Not sure if I completely understood your requirements, but you can add several custom domains (number depends on the plan) to your account, create mailboxes and aliases for them and can send and receive from those addresses as well.
Those are added to your account and can be accessed as individual mailboxes or via the unified inbox. They are not separate accounts with separate logins. Enterprise grade account management would be a feature to add at some point in the future.
Guys, that's exactly what we need! Just launch now, seriously. Building a backend for an email client is such a pain and I can imagine how this could save lives. But we'd love to be able to put it on our servers. Good luck and hope to try it out soon!
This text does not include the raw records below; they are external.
(* For every positive integer $n$ there is a permutation of length $16n\log_2 n+\Theta(n)$ that contains every skew riffle permutation of length $n$ as a pattern.
   Context: A permutation $\pi$ of length $k$ is a pattern of $\sigma$ if there are indices $\ell_1<\cdots<\ell_k$ with $\pi_i<\pi_j$ iff $\sigma_{\ell_i}<\sigma_{\ell_j}$. Riffle shuffle permutations are the permutations avoiding $321$, $2143$ and $2413$; antiriffle permutations are the inverses of riffle shuffle permutations. For permutations $\sigma,\tau$, the operation $\sigma\ominus\tau$ (called skew sum in the paper) is the permutation of length $|\sigma|+|\tau|$ with $(\sigma\ominus\tau)_i=\sigma_i$ for $1\le i\le|\sigma|$ and $(\sigma\ominus\tau)_i=\tau_{i-|\sigma|}+|\sigma|$ for $|\sigma|<i\le|\sigma|+|\tau|$. The skew riffle permutations form the smallest set of permutations containing all riffle and antiriffle permutations and closed under this operation. *)

From mathcomp Require Import all_boot.
From Stdlib Require Import Reals.
Set Implicit Arguments. Unset Strict Implicit. Unset Printing Implicit Defensive.

Definition is_perm (s : seq nat) : bool := perm_eq s (iota 1 (size s)).

Definition order_iso (t p : seq nat) : Prop :=
  size t = size p /\
  forall i j, i < size p -> j < size p ->
    (nth 0 p i < nth 0 p j) = (nth 0 t i < nth 0 t j).

Definition contains (s p : seq nat) : Prop :=
  exists t, subseq t s /\ order_iso t p.

Definition avoids (s p : seq nat) : Prop := ~ contains s p.

Definition riffle (s : seq nat) : Prop :=
  is_perm s /\ avoids s [:: 3; 2; 1] /\ avoids s [:: 2; 1; 4; 3]
  /\ avoids s [:: 2; 4; 1; 3].

Definition perm_inv (s : seq nat) : seq nat :=
  [seq (index i s).+1 | i <- iota 1 (size s)].

Definition antiriffle (s : seq nat) : Prop :=
  exists r, riffle r /\ s = perm_inv r.

(* the operation called "skew sum" in the paper, as defined there *)
Definition ssum (s t : seq nat) : seq nat := s ++ [seq x + size s | x <- t].

Inductive skew_riffle : seq nat -> Prop :=
| SR_riffle s : riffle s -> skew_riffle s
| SR_antiriffle s : antiriffle s -> skew_riffle s
| SR_sum s t : skew_riffle s -> skew_riffle t -> skew_riffle (ssum s t).

Definition log2R (x : R) : R := (ln x / ln 2)%R.

From mathcomp Require Import all_boot zify.
Set Implicit Arguments. Unset Strict Implicit. Unset Printing Implicit Defensive.

(* A riffle permutation is a shuffle of the increasing runs 1..k and k+1..m:
   avoiding 321, 2143 and 2413 forces every value lying below a larger earlier
   value to be smaller than every value lying above a smaller later one.  Hence
   every riffle of length at most M is a pattern of the interleaving
   M+1, 1, M+2, 2, ..., 2M, M, every antiriffle one of 1, 3, ..., 2M-1, 2, 4, ..., 2M,
   and their sum [block_univ M] contains both kinds of blocks.  A skew riffle
   permutation is a sum of blocks, and [sr_univ k.+1], the sum of [sr_univ k],
   [block_univ (2 ^ k.+1)] and [sr_univ k], contains every sum of blocks of total
   length below 2 ^ k.+1: the block straddling position 2 ^ k goes into the middle
   and the blocks before and after it into the two copies of [sr_univ k].  For
   2 ^ j <= n < 2 ^ j.+1, [sr_univ j.+1] has length 8 (j+1) 2 ^ j <= 8 n (log2 n + 1),
   and an increasing tail pads it to length 16 n log2 n + Theta(n). *)

Lemma mem_perm (s : seq nat) x : is_perm s -> (x \in s) = (0 < x <= size s).
Proof. by move=> ps; rewrite (perm_mem ps) mem_iota add1n ltnS. Qed.

Lemma is_perm_uniq (s : seq nat) : is_perm s -> uniq s.
Proof. by move=> ps; rewrite (perm_uniq ps) iota_uniq. Qed.

Lemma uniq_bounded_is_perm (s : seq nat) :
  uniq s -> (forall x, x \in s -> 0 < x <= size s) -> is_perm s.
Proof.
move=> us bs; have sub : {subset s <= iota 1 (size s)}.
  by move=> x /bs; rewrite mem_iota add1n ltnS.
apply: uniq_perm => //; first exact: iota_uniq.
by apply: (uniq_min_size us sub _).2; rewrite size_iota.
Qed.

Lemma iota_is_perm m : is_perm (iota 1 m).
Proof. by rewrite /is_perm size_iota. Qed.

Lemma size_ssum (s t : seq nat) : size (ssum s t) = size s + size t.
Proof. by rewrite /ssum size_cat size_map. Qed.

Lemma ssum_perm (s t : seq nat) : is_perm s -> is_perm t -> is_perm (ssum s t).
Proof.
rewrite /is_perm size_ssum iotaD => ps pt; apply: perm_cat => //.
rewrite addnC iotaDl (eq_map (fun x => addnC x (size s))); exact: perm_map.
Qed.

Lemma perm_inv_perm (r : seq nat) : is_perm r -> is_perm (perm_inv r).
Proof.
move=> pr; apply: uniq_bounded_is_perm.
  rewrite map_inj_in_uniq ?iota_uniq // => i j.
  rewrite -!(perm_mem pr) => ir jr [e].
  by rewrite -(nth_index 0 ir) -(nth_index 0 jr) e.
rewrite size_map size_iota => x /mapP [i]; rewrite -(perm_mem pr) => ir ->.
by rewrite -index_mem in ir.
Qed.

Definition embeds (s p : seq nat) : Prop :=
  exists f : nat -> nat,
    {in p &, forall x y, x < y -> f x < f y} /\ subseq (map f p) s.

Lemma embeds_contains s p : embeds s p -> contains s p.
Proof.
case=> f [mf sub]; exists (map f p); split=> //; split; first by rewrite size_map.
move=> i j ip jp; rewrite !(nth_map 0) //.
have xi := mem_nth 0 ip; have xj := mem_nth 0 jp.
case: (ltngtP (nth 0 p i) (nth 0 p j)) => h.
- by rewrite mf.
- by rewrite ltnNge ltnW // mf.
- by rewrite h !ltnn.
Qed.

Lemma embeds_nil s : embeds s [::].
Proof. by exists (fun x => x); split; [move=> x y; rewrite in_nil | exact: sub0seq]. Qed.

Lemma embeds_ssuml (s t p : seq nat) : embeds s p -> embeds (ssum s t) p.
Proof.
case=> f [mf sub]; exists f; split=> //.
exact: subseq_trans sub (prefix_subseq _ _).
Qed.

Lemma embeds_ssumr (s t p : seq nat) : embeds t p -> embeds (ssum s t) p.
Proof.
case=> f [mf sub]; exists (fun x => f x + size s); split.
  by move=> x y xp yp h; rewrite ltn_add2r; apply: mf.
apply: subseq_trans (suffix_subseq s _).
by rewrite (map_comp (addn^~ (size s)) f); apply: map_subseq.
Qed.

Lemma embeds_ssum (s1 s2 p1 p2 : seq nat) :
  is_perm s1 -> is_perm s2 -> is_perm p1 -> is_perm p2 ->
  embeds s1 p1 -> embeds s2 p2 -> embeds (ssum s1 s2) (ssum p1 p2).
Proof.
move=> ps1 ps2 pp1 pp2 [f1 [mf1 sub1]] [f2 [mf2 sub2]].
have f1_in x : x \in p1 -> 0 < f1 x <= size s1.
  by move=> xp; rewrite -(mem_perm _ ps1) (mem_subseq sub1) ?map_f.
have f2_in x : x \in p2 -> 0 < f2 x <= size s2.
  by move=> xp; rewrite -(mem_perm _ ps2) (mem_subseq sub2) ?map_f.
have p1_in x : x \in p1 -> 0 < x <= size p1 by rewrite (mem_perm _ pp1).
have p2_in x : x \in p2 -> 0 < x <= size p2 by rewrite (mem_perm _ pp2).
pose f x := if x <= size p1 then f1 x else f2 (x - size p1) + size s1.
have f_low x : x \in p1 -> f x = f1 x.
  by move=> /p1_in xp; rewrite /f ifT //; lia.
have f_high x : x \in p2 -> f (x + size p1) = f2 x + size s1.
  by move=> /p2_in xp; rewrite /f ifF ?addnK //; lia.
exists f; split.
  move=> x y; rewrite !mem_cat.
  case/orP=> [xp|/mapP[x' xp ->]]; case/orP=> [yp|/mapP[y' yp ->]] lt.
  - by rewrite !f_low // mf1.
  - by rewrite f_low // f_high //; move: (f1_in _ xp) (f2_in _ yp); lia.
  - by move: (p1_in _ yp) (p2_in _ xp) lt; lia.
  - by rewrite !f_high // ltn_add2r mf2 // -(ltn_add2r (size p1)).
rewrite map_cat ((eq_in_map _ _ _).1 f_low) -map_comp ((eq_in_map _ _ _).1 f_high).
by rewrite (map_comp (addn^~ (size s1)) f2); apply: cat_subseq => //; apply: map_subseq.
Qed.

Lemma ssum0s (t : seq nat) : ssum [::] t = t.
Proof. by rewrite /ssum /= (eq_map addn0) map_id. Qed.

Lemma ssumA (a b c : seq nat) : ssum (ssum a b) c = ssum a (ssum b c).
Proof.
rewrite /ssum size_cat size_map map_cat -catA -map_comp; do 2 congr (_ ++ _).
by apply: eq_map => x /=; rewrite addnAC addnA.
Qed.

Definition ssum_list (bs : seq (seq nat)) : seq nat := foldr ssum [::] bs.

Lemma ssum_list_cat bs1 bs2 :
  ssum_list (bs1 ++ bs2) = ssum (ssum_list bs1) (ssum_list bs2).
Proof. by elim: bs1 => [|b bs IH] /=; rewrite ?ssum0s // IH ssumA. Qed.

Lemma ssum_list_perm bs : all is_perm bs -> is_perm (ssum_list bs).
Proof. by elim: bs => [|b bs IH] //= /andP [pb pbs]; apply: ssum_perm; last exact: IH. Qed.

Lemma ssum_list_split bs N : size (ssum_list bs) <= N \/
  exists bs1 b bs2, bs = bs1 ++ b :: bs2 /\
    size (ssum_list bs1) <= N < size (ssum_list bs1) + size b.
Proof.
elim: bs N => [|b bs IH] N /=; first by left.
rewrite size_ssum; case: (ltnP N (size b)) => Nb.
  by right; exists [::], b, bs.
case: (IH (N - size b)) => [small|[bs1 [c [bs2 [-> cut]]]]]; first by left; lia.
by right; exists (b :: bs1), c, bs2; rewrite /= size_ssum; split=> //; lia.
Qed.

Definition riffle_block (p : seq nat) : Prop := riffle p \/ antiriffle p.

Lemma skew_riffle_blocks p : skew_riffle p ->
  exists bs, {in bs, forall b, riffle_block b} /\ p = ssum_list bs.
Proof.
elim=> [s rs|s ars|s t _ [bs1 [H1 ->]] _ [bs2 [H2 ->]]].
- by exists [:: s]; split; [move=> b /[1!inE] /eqP ->; left | rewrite /= /ssum cats0].
- by exists [:: s]; split; [move=> b /[1!inE] /eqP ->; right | rewrite /= /ssum cats0].
- exists (bs1 ++ bs2); split; last by rewrite ssum_list_cat.
  by move=> b; rewrite mem_cat => /orP[/H1|/H2].
Qed.

Lemma sorted_subseq_iota (l : seq nat) M :
  sorted ltn l -> all (fun x => x < M) l -> subseq l (iota 0 M).
Proof.
move=> sl /allP lM; have -> : l = [seq x <- iota 0 M | x \in l].
  apply: (irr_sorted_eq ltn_trans ltnn) => //.
    by apply: sorted_filter; [exact: ltn_trans | exact: iota_ltn_sorted].
  by move=> x; rewrite mem_filter mem_iota; case xl: (x \in l) => //=; rewrite lM.
exact: filter_subseq.
Qed.

Section Positions.
Variables (T : eqType) (x0 : T) (r : seq T).

Lemma index_subseq_iota (xs : seq T) : {subset xs <= r} ->
  sorted ltn (map (index^~ r) xs) -> subseq (map (index^~ r) xs) (iota 0 (size r)).
Proof.
move=> xr sx; apply: sorted_subseq_iota => //.
by apply/allP => _ /mapP [x /xr xin ->]; rewrite index_mem.
Qed.

Lemma subseq_by_index (xs : seq T) : {subset xs <= r} ->
  sorted ltn (map (index^~ r) xs) -> subseq xs r.
Proof.
move=> xr sx; rewrite -[r in subseq _ r](mkseq_nth x0).
have -> : xs = map (nth x0 r) (map (index^~ r) xs).
  by rewrite -map_comp -[LHS]map_id; apply/eq_in_map => x /xr /= xin; rewrite nth_index.
exact/map_subseq/index_subseq_iota.
Qed.

End Positions.

Section PatternOccurrences.
Variable r : seq nat.

Lemma contains_at (xs p : seq nat) : all (mem r) xs ->
  sorted ltn (map (index^~ r) xs) -> order_iso xs p -> contains r p.
Proof. by move=> /allP xr sx oi; exists xs; split=> //; apply: subseq_by_index 0 _ _ xr sx. Qed.

Lemma contains_321 x y z : x \in r -> y \in r -> z \in r ->
  index x r < index y r < index z r -> z < y < x -> contains r [:: 3; 2; 1].
Proof.
move=> xr yr zr ixyz zyx; apply: (@contains_at [:: x; y; z]).
- by rewrite /= xr yr zr.
- by rewrite /=; lia.
split=> // i j.
by case: i => [|[|[|i]]]; case: j => [|[|[|j]]] //= _ _; apply/idP/idP; lia.
Qed.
What new features? Current email infrastructure already implements everything mentioned on this page. There's mention of the "limitations" of IMAP and SMTP but it seems specious. Reading email is a pretty well solved problem now, and I think every popular language has libraries for IMAP and SMTP.
On the topic of IMAP's performance on mobile: there is an installed base of millions who use IMAP for their mail on their phones. There are many, many good email clients for Android (I recommend K-9 Mail, which is FOSS) and they work great. Presumably it is the same for iOS.
If they write a nice HTTP API for reading mail inboxes, that will probably be a nice option for people who for some reason can't or don't want to use IMAP, but there really is nothing here to move mail forward.